Se potessi scrivere una lettera alla me del 1989 le direi che quello è stato il primo di trentadue anni di lavoro che mi piaceranno ma che devo dare ascolto al desiderio di studiare e pretendere di più per me stessa. E le direi di battersi perché così come a Berlino, tutti i muri vengano abbattuti.
Se potessi scrivere una lettera alla me del 1999 le direi che tutta quell’idea del duemila è soltanto una grande bolla di sapone e che il futuro in arrivo ha indosso una maschera che nasconde il regresso. E le direi che una cosa è conoscere il sentiero giusto, un altro è imboccarlo.
Se potessi scrivere una lettera alla me del 2009 le direi di non illudermi che la crisi stia per finire e di prepararmi a vivere la recessione. E le direi che The Resistance non è soltanto il miglior album rock.
Se potessi scrivere una lettera alla me del 2019 le direi di vivere ogni singolo minuto con la consapevolezza dell’enorme valore dei semplici momenti che per quanto banali, cambieranno. E le direi che stanno per accadere cose alle quali non avrei mai mai creduto.
Stanislav Evgrafovič Petrov: non tutti conoscono questo nome, eppure è il nome di un uomo al quale dovrebbe andare gratitudine universale.
Era il 1983, anno in cui ARPANET ha adottato il protocollo TCP/IP che è diventato la moderna Internet, anno in cui Microsoft rilascia la prima versione di Word per MS-DOS, ma anche anno in cui Reagan pronuncia il famoso discorso che avvia l’Iniziativa di Difesa Strategica: SDI, più comunemente conosciuta come “scudo spaziale” che alcuni mass media hanno anche ribattezzato Star Wars – Guerre Stellari.
Un discorso basato sulla necessità di fronteggiare un eventuale attacco nucleare da parte dell’Unione Sovietica che si concludeva così: miei concittadini americani, stasera stiamo lanciando uno sforzo che contiene la promessa di cambiare il corso della storia umana. Ci saranno rischi e i risultati richiedono tempo. Ma credo che possiamo farcela. Mentre varchiamo questa soglia, chiedo le vostre preghiere e il vostro sostegno.
Dall’altra parte del mondo, allo stesso modo, erano pronti ad intercettare qualsiasi missile attraverso il sistema satellitare OKO, implementato con un nuovo software: Krokus (che nella mia mente visualizzo come un fiore).

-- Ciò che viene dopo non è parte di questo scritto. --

Lemma card_big_rad_le m k :
  #|subspaces_big_rad m k| * 2 ^ 'C(k, 2) <= #|subspaces_dim n m| * 2 ^ (2 * m).
Proof.
have [->|] := posnP #|subspaces_big_rad m k|; first by [].
case/card_gt0P => V; rewrite !inE => /andP[/andP[_ /eqP dimV] k_rad].
have le_km : k <= m by rewrite -dimV (leq_trans k_rad) ?dimvS ?spanS_rad_sub.
have le_mN : m <= N by rewrite -dimV dim_le_vec.
rewrite -(@leq_pmul2r (2 ^ (m * m))) ?expn_gt0 // -mulnA -expnD addnC.
apply: leq_trans (card_big_rad_ub le_km) _.
apply: leq_trans (leq_mul (card_subspaces_lb le_mN) (leqnn (2 ^ m))) _.
by rewrite -!mulnA -!expnD; apply: eq_leq; congr (_ * 2 ^ _); lia.
Qed.

End Counting.

Local Open Scope ring_scope.

Lemma natr_bin2 (R : comPzRingType) k : 'C(k, 2)%:R * 2 = k%:R * (k%:R - 1) :> R.
Proof.
elim: k => [|k IH]; first by rewrite bin0n !mul0r.
by rewrite binS bin1 natrD mulrDl IH -natr1; ring.
Qed.

Lemma ratio_le_powR (R : realType) (a b c d : nat) :
  (a * 2 ^ c <= b * 2 ^ d)%N -> a%:R / b%:R <= 2 `^ (d%:R - c%:R) :> R.
Proof.
move=> le_ab; have [->|b_gt0] := posnP b; first by rewrite invr0 mulr0 powR_ge0.
rewrite powRB ?pnatr_eq0 ?implybT // !powR_mulrn // ler_pdivrMr ?ltr0n //.
rewrite mulrAC ler_pdivlMr ?exprn_gt0 //.
by rewrite [_ * b%:R]mulrC -!natrX -!natrM ler_nat.
Qed.

Lemma bin2_lb (R : realType) (eps : R) (n k : nat) : 0 < eps ->
  (6 * eps + 16) / eps ^+ 2 < n%:R -> eps * n%:R < k%:R + 1 ->
  4 * n%:R + eps ^+ 2 / 4 * n%:R ^+ 2 <= 'C(k, 2)%:R.
Proof.
move=> eps_gt0 n_large k_large.
have eps2_gt0 : 0 < eps ^+ 2 by rewrite exprn_gt0.
have {}n_large : 6 * eps + 16 < eps ^+ 2 * n%:R.
  by rewrite [_ * n%:R]mulrC -ltr_pdivrMr.
have epsn_large : 6 < eps * n%:R.
  by rewrite -(ltr_pM2l eps_gt0) mulrA -expr2; lra.
have k_lb : (eps * n%:R - 1) * (eps * n%:R - 2) <= k%:R * (k%:R - 1).
  by apply: ler_pM; lra.
have slack : 0 <= n%:R * (eps ^+ 2 * n%:R - 6 * eps - 16).
  by apply: mulr_ge0 => //; lra.
(* (eps n - 1)(eps n - 2)/2 - 4n - (eps n)^2/4 = n (eps^2 n - 6 eps - 16)/4 + 1 *)
have := natr_bin2 R k; lra.
Qed.

Lemma prob_big_rad_le (R : realType) (eps : R) n m : 0 <= eps ->
  prob_big_rad eps n m <=
    2 `^ ((4 * n)%:R - 'C(Num.truncn (eps * n%:R), 2)%:R).
Proof.
move=> eps_ge0; set k := Num.truncn (eps * n%:R).
apply: (@le_trans _ _ (#|subspaces_big_rad n m k|%:R / #|subspaces_dim n m|%:R)).
  rewrite ler_wpM2r ?invr_ge0 // ler_nat; apply/subset_leq_card/subsetP => V.
  rewrite !inE => /andP[-> big_rad] /=; rewrite -(ler_nat R).
  by apply: le_trans big_rad; rewrite truncn_le mulr_ge0.
have [lt_Nm|le_mN] := ltnP (n + n) m.
  rewrite (_ : #|subspaces_dim n m| = 0)%N ?invr0 ?mulr0 ?powR_ge0 //.
  apply: eq_card0 => V; rewrite inE; apply/negbTE/negP => /andP[_ /eqP dimV].
  by move: lt_Nm; rewrite -dimV ltnNge dim_le_vec.
apply: le_trans (ratio_le_powR _ (card_big_rad_le n m k)) _.
by apply: ler_powR; rewrite ?ler1n // lerB // ler_nat; lia.
Qed.

Theorem lemmaD6 (R : realType) (eps alpha : R) :
  0 < eps -> 0 < alpha ->
  exists delta : R, 0 < delta /\
    exists N : nat, forall n : nat, (N <= n)%N ->
      forall m : nat, alpha * n%:R <= m%:R ->
        prob_big_rad eps n m <= powR 2 (- (delta * (n%:R ^+ 2))).
Proof.
move=> eps_gt0 _.
exists (eps ^+ 2 / 4); split; first by rewrite divr_gt0 ?exprn_gt0.
exists (Num.truncn ((6 * eps + 16) / eps ^+ 2)).+1 => n n_large m _.
apply: le_trans (prob_big_rad_le _ _ (ltW eps_gt0)) _.
apply: ler_powR; first by rewrite ler1n.
have n_gt : (6 * eps + 16) / eps ^+ 2 < n%:R.
  by apply: lt_le_trans (truncnS_gt _) _; rewrite ler_nat.
have k_gt : eps * n%:R < (Num.truncn (eps * n%:R))%:R + 1.
  by rewrite natr1 truncnS_gt.
have := bin2_lb eps_gt0 n_gt k_gt; lra.
Qed.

Come se non bastasse la tensione creata da Reagan nel definire la Russia “impero del male,” il primo settembre un Boeing partito da New York con destinazione Seul viene abbattuto per “sconfinamento nello spazio aereo sovietico.”
In questo clima di preallarme estremo, si arriva al 26 settembre, giorno iniziato da soli quattordici minuti quando accade qualcosa che potrebbe provocare una terribile reazione a catena.
Davanti al monitor nella base Serpukhov 15 c’è un analista, chiamato a sostituire un collega, quando il sistema segnala un missile e tutti gli allarmi iniziano a suonare.
Nei minuti successivi cala l’angoscia insieme ad altri quattro segnali per un totale di cinque missili diretti verso l’Unione Sovietica.
Tu cosa avresti fatto? Come avresti reagito?
Per nostra fortuna Stanislav Petrov ha saputo mantenere la calma e soprattutto ha deciso di seguire il suo istinto, evitando di far partire una chiamata che si sarebbe rivelata fatale.
La verifica sui radar infatti non rileva alcunché e poco prima del previsto impatto Krokus cancella i segnali, riprendendo il suo normale funzionamento.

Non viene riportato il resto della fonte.